Elize Matsunaga, condenada por assassinar o seu marido e empresário, Marcos Kitano Matsunaga (Reprodução/Arquivo pessoal)

A 5ª Turma do Superior Tribunal de Justiça (STJ) reduziu a pena da Elize Matsunaga para dezesseis anos e três meses de prisão. Acusada de assassinar e esquartejar o seu marido, Marcos Kitano Matsunaga, em 2012, em São Paulo, ela foi condenada a dezoito anos e nove meses de reclusão pelos crimes de homicídio qualificado e ocultação de cadáver.

Segundo o STJ, a redução da pena seu deu por ela ter confessado o crime.
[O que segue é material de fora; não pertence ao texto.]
(* Let $\mathcal{L}=(R_i:i<k)$ be a finite relational language, $K$ a Fraïssé class of finite $\mathcal{L}$-structures with the Strong Amalgamation Property, $T$ the theory of its Fraïssé limit, and $N=(A,B)$ a monster model of $T_{pfc}$ (with $A$ the universe of sort $O$ and $B$ of sort $P$). For $j=1,\dots,n$ let $\phi_j(x,y_j,z_j)$ be $\mathcal{L}_{pfc}$-formulas where $x$ is a single variable of sort $O$, $y_j$ is a tuple of variables of sort $O$, and $z_j$ is a single variable of sort $P$; let $a_j$ be tuples from $A$ and let $b_1,\dots,b_n\in B$ be pairwise distinct. If each $\phi_j(x,a_j,b_j)$ is non-algebraic (has infinitely many realizations in $N$), then the conjunction $\bigwedge_{j=1}^n\phi_j(x,a_j,b_j)$ is non-algebraic.
   Context: $K$ has SAP if for all $A,B,C\in K$ and embeddings $e:A\to B$, $f:A\to C$ there are $D\in K$ and embeddings $g:B\to D$, $h:C\to D$ with $ge=hf$ and $\mathrm{im}(g)\cap\mathrm{im}(h)=\mathrm{im}(ge)$. If $R_i$ has arity $n_i$, $\mathcal{L}_{pfc}$ is the two-sorted language with sorts $O$ and $P$ and relation symbols $R^i_x(x,y_1,\dots,y_{n_i})$ with $x$ of sort $P$ and $y_1,\dots,y_{n_i}$ of sort $O$. For an $\mathcal{L}_{pfc}$-structure $M=(A,B)$ and $b\in B$, $A_b$ is the $\mathcal{L}$-structure with domain $A$ in which $R_i$ is interpreted as $\{\bar y: R^i(b,\bar y)\}$. $K_{pfc}$ is the class of finite $\mathcal{L}_{pfc}$-structures $(A,B)$ such that $A_b$ is isomorphic to a member of $K$ for every $b\in B$; it is a Fraïssé class with SAP, and $T_{pfc}$ is the theory of its Fraïssé limit (it has quantifier elimination). *)

From HB Require Import structures.
From Stdlib Require Lists.List.
From mathcomp Require Import all_boot.

Set Implicit Arguments.
Unset Strict Implicit.
Unset Printing Implicit Defensive.

Section PFC.
(* The finite relational language L = (R_i : i < k), R_i of arity ar i. *)
Variable k : nat.
Variable ar : 'I_k -> nat.

Definition Lrel (C : Type) := forall i : 'I_k, (ar i).-tuple C -> Prop.

Definition L_embedding (C D : Type) (RC : Lrel C) (RD : Lrel D) (f : C -> D) : Prop :=
  injective f /\ forall i (ys : (ar i).-tuple C), RC i ys <-> RD i (map_tuple f ys).

Definition L_iso (C D : Type) (RC : Lrel C) (RD : Lrel D) (f : C -> D) : Prop :=
  L_embedding RC RD f /\ bijective f.

Definition Lclass := forall C : finType, Lrel C -> Prop.

Definition iso_closed (K : Lclass) : Prop :=
  forall (C D : finType) (RC : Lrel C) (RD : Lrel D) (f : C -> D),
    K C RC -> L_iso RC RD f -> K D RD.

Definition HP (K : Lclass) : Prop :=
  forall (C D : finType) (RC : Lrel C) (RD : Lrel D) (f : C -> D),
    K D RD -> L_embedding RC RD f -> K C RC.

Definition JEP (K : Lclass) : Prop :=
  forall (B C : finType) (RB : Lrel B) (RC : Lrel C), K B RB -> K C RC ->
  exists (D : finType) (RD : Lrel D) (g : B -> D) (h : C -> D),
    [/\ K D RD, L_embedding RB RD g & L_embedding RC RD h].

Definition AP (K : Lclass) : Prop :=
  forall (A B C : finType) (RA : Lrel A) (RB : Lrel B) (RC : Lrel C)
         (e : A -> B) (f : A -> C),
    K A RA -> K B RB -> K C RC -> L_embedding RA RB e -> L_embedding RA RC f ->
  exists (D : finType) (RD : Lrel D) (g : B -> D) (h : C -> D),
    [/\ K D RD, L_embedding RB RD g, L_embedding RC RD h
      & forall x, g (e x) = h (f x)].

Definition SAP (K : Lclass) : Prop :=
  forall (A B C : finType) (RA : Lrel A) (RB : Lrel B) (RC : Lrel C)
         (e : A -> B) (f : A -> C),
    K A RA -> K B RB -> K C RC -> L_embedding RA RB e -> L_embedding RA RC f ->
  exists (D : finType) (RD : Lrel D) (g : B -> D) (h : C -> D),
    [/\ K D RD, L_embedding RB RD g, L_embedding RC RD h,
        forall x, g (e x) = h (f x)
      & forall y z, g y = h z -> exists x, g (e x) = g y].

(* Fraisse class (Hodges): nonempty, closed under isomorphism, HP, JEP, AP.
   (Countably many isomorphism types is automatic for a finite relational language.) *)
Definition fraisse_class (K : Lclass) : Prop :=
  [/\ exists (C : finType) (RC : Lrel C), K C RC, iso_closed K, HP K, JEP K & AP K].

(* relations R^i(x; y_1..y_{n_i}) with x of sort P, y's of sort O *)
Definition Prel (C D : Type) := forall i : 'I_k, D -> (ar i).-tuple C -> Prop.

Record pfc_struct := PfcStruct {
  sortO : Type;
  sortP : Type;
  prel : Prel sortO sortP }.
A defesa de Elize afirmou que “a confissão apresentada por Matsunaga foi rica em detalhes, o que possibilitou ao conselho de sentença o reconhecimento de que ela foi autora do delito”.

O artigo 65 do Código Penal garante essa redução caso a confissão, parcial ou qualificada, contribua para o convencimento do julgador. O ministro Jorge Mussi, relator do habeas corpus, afirmou que o STJ “não faz distinção entre as diversas modalidades de confissão, admitindo-se a redução da pena mesmo nas hipóteses em que o agente agrega aos seus argumentos teses defensivas ou excludentes de culpabilidade”.

Elize Matsunaga confessou a sua versão do assassinato durante o julgamento, em dezembro de 2016. “A única forma que eu encontrei foi cortá-lo, infelizmente”, disse ela no depoimento realizado no Fórum Criminal da Barra Funda, Zona Oeste de São Paulo. Segundo seu depoimento, ela atirou contra o marido após uma discussão. (Veja)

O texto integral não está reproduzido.